In this work Kernel Learning is used to measure the structure of the learned latent space by the autoencoder and as the function used for the support vector classification step. Kernel functions can be thought as similarity functions between vectors. These functions indicate the dot product between those vectors mapped in a high dimensional Hilbert feature space. A Kernel is a function \(k: \mathcal {X}\times \mathcal {X} \mapsto R\) where \(\mathcal {X} \subseteq R^{n}\) is an n-dimensional space \(\mathcal {X}\). The function k is symmetric and describes implicitly the mapping ϕ from \(\mathcal {X}\) to a Reproducing Kernel Hilbert Space \(\mathcal {H}\) by an inner product [28] \(K\left (x_{i}, x_{j} \right) = \left \langle \phi (x_{i}), \phi (x_{j}) \right \rangle _{\mathcal {H}}\). The mapping from \(\mathcal {X}\) to a feature space \(\mathcal {H}\) is done by the function \(\phi :X \mapsto \phi \left (X \right) \in \mathcal {H}\).

In this work, a good kernel finds high similarity between tumors of the same type and low similarity between tumors of different types.
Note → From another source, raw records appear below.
(* Let $a,b$ be integers and let $G\in\mathscr{G}_{a,b}$ be a tricyclic graph with at least one pendant vertex. Suppose $C_p=vu_1u_2\ldots u_{p-1}v$ is an internal cycle of the base $\widetilde G$ with $N_{\widetilde G}(v)=\{w,u_1,u_{p-1}\}$. Then $d_G(v)=3$, $p=3$ and $G\in\mathscr{G}_{6,-1}$. Moreover, $d_G(w)=2$, and one of $u_1,u_{p-1}$ has degree $2$ in $G$ while the other has degree $a+b-1=4$ in $G$.
   Context: All graphs are simple and connected; $d_G(v)$ is the degree of $v$, $N_G(v)$ its neighbourhood. A tricyclic graph is a connected graph with $|E_G|=|V_G|+2$. For integers $a,b$, $\mathscr{G}_{a,b}$ is the set of connected graphs $G$ such that for every $v\in V_G$, $\sum_{u\in N_G(v)}d_G(u)=a\,d_G(v)+b-d_G(v)^2$. A pendant vertex is a vertex of degree $1$. The base $\widetilde{G}$ of $G$ is the subgraph obtained from $G$ by repeatedly deleting pendant vertices until none remain. An internal cycle of $\widetilde G$ is a cycle $u_0u_1\ldots u_k$ with $u_0=u_k$, $k\ge 3$, $d_{\widetilde G}(u_0)\ge 3$ and $d_{\widetilde G}(u_i)=2$ for $1\le i\le k-1$. *)

From mathcomp Require Import all_boot all_order all_algebra.
Set Implicit Arguments. Unset Strict Implicit. Unset Printing Implicit Defensive.
Import GRing.Theory Num.Theory.
Local Open Scope ring_scope.

Section Graph.
Variables (T : finType) (e : rel T).

Definition simple_graph : Prop := symmetric e /\ irreflexive e.
Definition connected_graph : Prop := forall x y : T, connect e x y.

Definition nbhd (v : T) : {set T} := [set u | e v u].
Definition deg (v : T) : nat := #|nbhd v|.

Definition edges : {set {set T}} := [set [set x; y] | x in T, y in T & e x y].

Definition tricyclic : Prop := #|edges| = (#|T| + 2)%N.

Definition in_Gab (a b : int) : Prop :=
  forall v : T, ((\sum_(u in nbhd v) deg u)%N)%:Z
                = a * (deg v)%:Z + b - ((deg v)%:Z) ^+ 2.

Definition pendant (v : T) : Prop := deg v = 1%N.

Definition degIn (S : {set T}) (v : T) : nat := #|[set u in S | e v u]|.

Inductive prune_reach (S : {set T}) : {set T} -> Prop :=
  | prune_refl : prune_reach S S
  | prune_step (S' : {set T}) (x : T) :
      prune_reach S S' -> x \in S' -> degIn S' x = 1%N -> prune_reach S (S' :\ x).

Definition is_base (B : {set T}) : Prop :=
  prune_reach [set: T] B /\ (forall x, x \in B -> degIn B x != 1%N).

(* internal cycle v u_1 ... u_{p-1} v of the base (induced on B),
   given by v and the sequence us = [:: u_1; ...; u_{p-1}], p = size us + 1 *)
Definition internal_cycle (B : {set T}) (v : T) (us : seq T) : Prop :=
  (2 <= size us)%N /\
  [/\ uniq (v :: us),
      path e v us && e (last v us) v,
      all (fun x => x \in B) (v :: us),
      (3 <= degIn B v)%N &
      all (fun x => degIn B x == 2%N) us].

End Graph.

(* The equation of G_{a,b} at a pendant vertex says that its
   neighbour has degree k = a + b - 1.  Comparing the equations at a vertex z
   with a pendant neighbour and at a neighbour t of z shows that if every
   neighbour of z but t is pendant, then so is every neighbour of t but z; the
   graph would then be a "double star", impossible in a graph with a cycle.
   Hence every vertex with a pendant neighbour has two non-pendant neighbours,
   so pruning only ever deletes vertices that are pendant in G: everything
   outside the base is pendant.  Every vertex of the internal cycle therefore
   has degree 2 or k (degree 3 or k for v), and the equations along the cycle
   become a small polynomial system in a and b whose only solution has p = 3,
   a = 6, b = -1. *)

From mathcomp Require Import all_boot all_order all_algebra zify ring.
Import GRing.Theory Num.Theory.
Set Implicit Arguments. Unset Strict Implicit. Unset Printing Implicit Defensive.
Local Open Scope ring_scope.

Lemma leq_card_sum (T : finType) (A : {set T}) (F : T -> nat) :
  (forall i, i \in A -> 0 < F i)%N -> (#|A| <= \sum_(i in A) F i)%N.
Proof. by move=> F_gt0; rewrite -sum1_card; apply: leq_sum. Qed.

Lemma sum_leq_card_eq1 (T : finType) (A : {set T}) (F : T -> nat) :
  (forall i, i \in A -> 0 < F i)%N -> (\sum_(i in A) F i <= #|A|)%N ->
  forall i, i \in A -> F i = 1%N.
Proof.
move=> F_gt0 sumA i iA; apply/eqP; rewrite eqn_leq F_gt0 // andbT leqNgt.
apply/negP => Fi_gt1; move: sumA; rewrite (big_setD1 i iA) (cardsD1 i A) iA /=.
have := @leq_card_sum _ (A :\ i) F (fun j jA => F_gt0 j (proj2 (setD1P jA))).
lia.
Qed.

Lemma mul_consecutive_ge0 (x : int) : 0 <= x * (x + 1).
Proof. have [x_neg | x_nneg] : x <= -1 \/ 0 <= x by lia. all: nia. Qed.

(* [s - m] factors as [- (K-2)(K-1) (a-K-2)(a-K-1)], minus a product of two
   products of consecutive integers. *)
Lemma pendant_but_arith (a b K D c m s : int) : K = a + b - 1 -> K = 1 + c ->
  D = 1 + m -> D + c = a * K + b - K ^+ 2 -> K + s = a * D + b - D ^+ 2 -> s <= m.
Proof.
move=> Kab Kc Dm eqz eqt.
have bE : b = K + 1 - a by rewrite Kab; ring.
have DE : D = a * K + b - K ^+ 2 - (K - 1) by rewrite -eqz Kc; ring.
have -> : s = a * D + b - D ^+ 2 - K by rewrite -eqt; ring.
have -> : m = D - 1 by rewrite Dm; ring.
rewrite -subr_le0.
have -> : a * D + b - D ^+ 2 - K - (D - 1) =
    - ((K - 2) * (K - 2 + 1) * ((a - K - 2) * (a - K - 2 + 1))).
  by rewrite DE bE; ring.
by rewrite oppr_le0 mulr_ge0 ?mul_consecutive_ge0.
Qed.

Lemma three_cycle_arith (a b dv dw d1 d2 : int) :
  3 <= a + b - 1 -> 2 <= dw ->
  dv = 3 \/ dv = a + b - 1 -> d1 = 2 \/ d1 = a + b - 1 -> d2 = 2 \/ d2 = a + b - 1 ->
  dw + d1 + d2 + (dv - 3) = a * dv + b - dv ^+ 2 ->
  dv + d2 + (d1 - 2) = a * d1 + b - d1 ^+ 2 ->
  d1 + dv + (d2 - 2) = a * d2 + b - d2 ^+ 2 ->
  [/\ dv = 3, dw = 2, a = 6, b = -1 & (d1 = 2 /\ d2 = 4 \/ d2 = 2 /\ d1 = 4)].
Proof.
move=> k3 dw2 [->|->] [->|->] [->|->]; rewrite ?expr2 => hv h1 h2.
all: have [ha|[ha|ha]] : a <= a + b + 1 \/ a = a + b + 2 \/ a + b + 3 <= a by lia.
all: first [exfalso; nia | split; [nia|nia|nia|nia| first [left; split; nia | right; split; nia]]].
Qed.

Lemma long_cycle_arith (a b dv dw d1 d2 d3 dl dl1 dl2 : int) :
  3 <= a + b - 1 -> 2 <= dw ->
  dv = 3 \/ dv = a + b - 1 -> d1 = 2 \/ d1 = a + b - 1 -> d2 = 2 \/ d2 = a + b - 1 ->
  d3 = 2 \/ d3 = a + b - 1 -> dl = 2 \/ dl = a + b - 1 -> dl1 = 2 \/ dl1 = a + b - 1 ->
  dl2 = 2 \/ dl2 = a + b - 1 ->
  dw + d1 + dl + (dv - 3) = a * dv + b - dv ^+ 2 ->
  dv + d2 + (d1 - 2) = a * d1 + b - d1 ^+ 2 ->
  d1 + d3 + (d2 - 2) = a * d2 + b - d2 ^+ 2 ->
  dl1 + dv + (dl - 2) = a * dl + b - dl ^+ 2 ->
  dl2 + dl + (dl1 - 2) = a * dl1 + b - dl1 ^+ 2 -> False.
Proof.
move=> k3 dw2 [->|->] [->|->] [->|->] [->|->] [->|->] [->|->] [->|->];
  rewrite ?expr2 => hv h1 h2 hl hl1.
all: have [ha|[ha|ha]] : a <= a + b + 1 \/ a = a + b + 2 \/ a + b + 3 <= a by lia.
all: try nia.
all: have [hk|[hk|hk]] : a + b = 4 \/ a + b = 5 \/ 6 <= a + b by lia.
all: nia.
Qed.

Section GabGraph.
Variables (T : finType) (e : rel T) (a b : int).
Hypotheses (e_sym : symmetric e) (e_conn : connected_graph e) (eGab : in_Gab e a b).

Lemma in_nbhd x y : (y \in nbhd e x) = e x y.
Proof. by rewrite inE. Qed.

Lemma deg_gt0 x y : e x y -> (0 < deg e x)%N.
Proof. by move=> exy; rewrite card_gt0; apply/set0Pn; exists y; rewrite in_nbhd. Qed.

Lemma degIn_le (B : {set T}) x : (degIn e B x <= deg e x)%N.
Proof. by apply: subset_leq_card; apply/subsetP => u; rewrite !inE => /andP[]. Qed.
Lemma znorm2_zerov d : znorm2 (zerov d) = 0.
Proof.
  induction d; [reflexivity|].
  change (IZR 0 ^ 2 + znorm2 (zerov d) = 0). rewrite IHd. simpl. ring.
Qed.

Lemma znorm2_coord x : znorm2 x = lsum (fun i => coord x i ^ 2) (seq 0 (length x)).
Proof.
  induction x; [reflexivity|].
  simpl length. rewrite <- cons_seq, <- seq_shift. simpl lsum. rewrite lsum_map.
  change (IZR a ^ 2 + znorm2 x
          = coord (a :: x) 0 ^ 2 + lsum (fun i => coord x i ^ 2) (seq 0 (length x))).
  rewrite <- IHx. reflexivity.
Qed.

Lemma coord_vadd z y i : length z = length y -> coord (vadd z y) i = coord z i + coord y i.
Proof.
  unfold coord. revert y i; induction z; destruct y; simpl; intros i H; try discriminate.
  - destruct i; simpl; lra.
  - destruct i; simpl; [apply plus_IZR | apply IHz; lia].
Qed.

(* The inner product z.y equals dot_plus d z y - dot_minus d z y; both parts are
   nonnegative, so the cross term of |z + y|^2 can be summed as nonnegative series. *)
Definition dot_plus d (z y : list Z) : R :=
  lsum (fun i => pos_part (coord z i) * pos_part (coord y i)
                 + neg_part (coord z i) * neg_part (coord y i)) (seq 0 d).

Definition dot_minus d (z y : list Z) : R :=
  lsum (fun i => neg_part (coord z i) * pos_part (coord y i)
                 + pos_part (coord z i) * neg_part (coord y i)) (seq 0 d).

Lemma dot_minus_ge0 d z y : 0 <= dot_minus d z y.
Proof.
  apply lsum_nonneg. intros i _.
  pose proof (pos_part_ge0 (coord z i)). pose proof (neg_part_ge0 (coord z i)).
  pose proof (pos_part_ge0 (coord y i)). pose proof (neg_part_ge0 (coord y i)). nra.
Qed.
Lemma mulBC b c : mulB b c = mulB c b.
Proof.
(* [mulB] is defined by symmetric or-patterns on the mixed cases *)
case: b => [i|[j|[b m]]]; case: c => [i'|[j'|[b' m']]]; cbn [Defs.mulB];
  try match goal with |- ?x = ?x => reflexivity end.
- have -> : `|i' - i|%N = `|i - i'|%N by lia.
  rewrite z_dist; lmod_ring.
- have -> : ndist j'.+1 j.+1 = ndist j.+1 j'.+1 by rewrite /ndist; lia.
  rewrite addnC; lmod_ring.
- have -> : ndist (pk m') (pk m) = ndist (pk m) (pk m') by rewrite /ndist; lia.
  have -> : prep b' + prep b = prep b + prep b' by rewrite addrC.
  rewrite (addnC (pk m')); lmod_ring.
Qed.

Lemma hmulE x y : hmul x y = lext (fun b => lext (mulB b) y) x.
Proof.
apply: eq_bigr => b _; rewrite scaler_sumr; apply: eq_bigr => c _.
by rewrite scalerA.
Qed.

Lemma hmulEr x y : hmul x y = lext (fun c => lext (mulB ^~ c) x) y.
Proof.
rewrite /hmul exchange_big; apply: eq_bigr => c _; rewrite scaler_sumr.
by apply: eq_bigr => b _; rewrite scalerA mulrC.
Qed.

Lemma hmul_is_linear x : linear (hmul x).
Proof. by move=> c y z; rewrite !hmulEr linearP. Qed.

HB.instance Definition _ x :=
  GRing.isLinear.Build F H H *:%R (hmul x) (hmul_is_linear x).

Lemma hmulC x y : hmul x y = hmul y x.
Proof.
rewrite hmulE hmulEr; apply: eq_lext => b; apply: eq_lext => c.
exact: mulBC.
Qed.

Lemma hmulU b c : hmul (bvec b) (bvec c) = mulB b c.
Proof. by rewrite hmulE !lextU. Qed.

Lemma hmulZr x c y : hmul x (c *: y) = c *: hmul x y.
Proof. exact: linearZ. Qed.

Lemma hmulZl x c y : hmul (c *: x) y = c *: hmul x y.
Proof. by rewrite hmulC hmulZr hmulC. Qed.

Lemma hmul_lextl f x y : hmul (lext f x) y = lext (fun b => hmul (f b) y) x.
Proof. by rewrite hmulC linear_lext; apply: eq_lext => b /=; rewrite hmulC. Qed.

Lemma hmul_ap i r m :
  hmul (a_ i) (p_ r (pk m)) = (3 / 2) *: p_ r (pk m) - p_ (- (i + r)) (pk m).
Proof.
move: r; apply: balanced3_eq.
- exact: (balanced3_additive (hmul (a_ i)) (balanced3_p _)).
- apply: balanced3D; first exact: balanced3Z (balanced3_p _).
  apply: balanced3N.
  by apply: (balanced3_comp (R := p_ ^~ (pk m)) _ (balanced3_p _)) => r r'; lia.
- by move=> b; rewrite [in LHS]p_bvec hmulU.
Qed.

Lemma hmul_sp j r m :
  hmul (s_ j.+1) (p_ r (pk m)) =
  (3 / 4) *: (p_ r j.+1 + p_ r (pk m))
  - (3 / 8) *: (p_ r (ndist j.+1 (pk m)) + p_ r (j.+1 + pk m)).
Proof.
move: r; apply: balanced3_eq.
- exact: (balanced3_additive (hmul (s_ j.+1)) (balanced3_p _)).
- by apply: balanced3D; [| apply: balanced3N]; apply: balanced3Z;
    apply: balanced3D; exact: balanced3_p.
- by move=> b; rewrite [in LHS]p_bvec hmulU.
Qed.

Definition zeta (u : int) (h k : nat) : H :=
  (1 / 4) *: (z_ u h + z_ u k) - (1 / 8) *: (z_ u (ndist h k) + z_ u (h + k)).

Lemma balanced3_zeta h k : balanced3 (fun u => zeta u h k).
Proof.
by apply: balanced3D; [| apply: balanced3N]; apply: balanced3Z;
  apply: balanced3D; exact: balanced3_z.
Qed.

Lemma hmul_pp r t m m' :
  hmul (p_ r (pk m)) (p_ t (pk m')) = zeta (- (r + t)) (pk m) (pk m').
Proof.
move: t; apply: balanced3_eq.
- exact: (balanced3_additive (hmul (p_ r (pk m))) (balanced3_p _)).
- apply: (balanced3_comp (R := zeta ^~ (pk m) ^~ (pk m')) _ (balanced3_zeta _ _)).
  by move=> t t'; lia.
move=> b'; rewrite [in LHS]p_bvec hmulC; move: r; apply: balanced3_eq.
- exact: (balanced3_additive (hmul _) (balanced3_p _)).
- apply: (balanced3_comp (R := zeta ^~ (pk m) ^~ (pk m')) _ (balanced3_zeta _ _)).
  by move=> r r'; lia.
- by move=> b; rewrite [in LHS]p_bvec hmulU mulBC.
Qed.

HB.instance Definition _ rho := GRing.Linear.copy (phi rho) (lext (phiB F rho)).

Lemma phiD rho : {morph phi rho : x y / x + y}. Proof. exact: linearD. Qed.
Lemma phiN rho : {morph phi rho : x / - x}. Proof. exact: linearN. Qed.
Lemma phiZ rho c x : phi rho (c *: x) = c *: phi rho x. Proof. exact: linearZ. Qed.

Lemma phiU rho b : phi rho (bvec b) = phiB F rho b.
Proof. exact: lextU. Qed.

Lemma phi_a rho i : phi rho (a_ i) = a_ (dact rho i).
Proof. exact: phiU. Qed.

Lemma phi_s rho j : phi rho (s_ j) = s_ j.
Proof. by case: j => [|j]; [exact: linear0 | exact: phiU]. Qed.

Lemma phi_p rho r k : phi rho (p_ r k) = (dsgn rho)%:~R *: p_ (dact rho r) k.
Proof.
case: (p_cases k) => [p0 | [m ->]]; first by rewrite !p0 linear0 scaler0.
move: r; apply: balanced3_eq.
- exact: (balanced3_additive (phi rho) (balanced3_p _)).
- exact: balanced3Z (balanced3_comp (R := p_ ^~ (pk m)) (dact_mod3 rho) (balanced3_p _)).
- by move=> b; rewrite p_bvec phiU.
Qed.

Lemma phi_z rho u k : phi rho (z_ u k) = z_ (dact rho u) k.
Proof.
rewrite /Defs.z_ phiD phiN !phi_p; case: rho => t /=.
- have -> : u + 1 + t = u + t + 1 by ring.
  have -> : u - 1 + t = u + t - 1 by ring.
  lmod_ring.
- have -> : t - (u + 1) = t - u - 1 by ring.
  have -> : t - (u - 1) = t - u + 1 by ring.
  lmod_ring.
Qed.

Lemma phiD_eval rho x y u v : phi rho x = u -> phi rho y = v -> phi rho (x + y) = u + v.
Proof. by move=> <- <-; exact: phiD. Qed.

Lemma phiN_eval rho x u : phi rho x = u -> phi rho (- x) = - u.
Proof. by move=> <-; exact: phiN. Qed.

Lemma phiZ_eval rho c x u : phi rho x = u -> phi rho (c *: x) = c *: u.
Proof. by move=> <-; exact: phiZ. Qed.

Ltac phi_eval :=
  lazymatch goal with
  | |- phi _ (_ + _) = _ => eapply phiD_eval; [phi_eval | phi_eval]
  | |- phi _ (- _) = _ => eapply phiN_eval; phi_eval
  | |- phi _ (_ *: _) = _ => eapply phiZ_eval; phi_eval
  | |- phi _ (Defs.a_ _ _) = _ => exact: phi_a
  | |- phi _ (Defs.s_ _ _) = _ => exact: phi_s
  | |- phi _ (Defs.p_ _ _ _) = _ => exact: phi_p
  | |- phi _ (Defs.z_ _ _ _) = _ => exact: phi_z
  end.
The kernel used is the Gaussian Kernel where the σ parameter functions as an exponential scaling factor.

$$ k(x_{i}, x_{j}) = \textup{exp}\left (- \frac{\left \| x_{i}-x_{j} \right \|^{2}}{2\sigma^{2}} \right); \sigma > 0 $$

The Gaussian kernel is one of the most common kernel functions. The parameter σ controls the size of the neighborhood of any xi such that k(xi,x) is significantly larger than zero. The bigger the σ parameter, the more constant the function and thus the lower its ability to learn non-trivial patterns. On the other hand, low values of σ allow the kernel to fit complex patterns and be more sensitive to details [29].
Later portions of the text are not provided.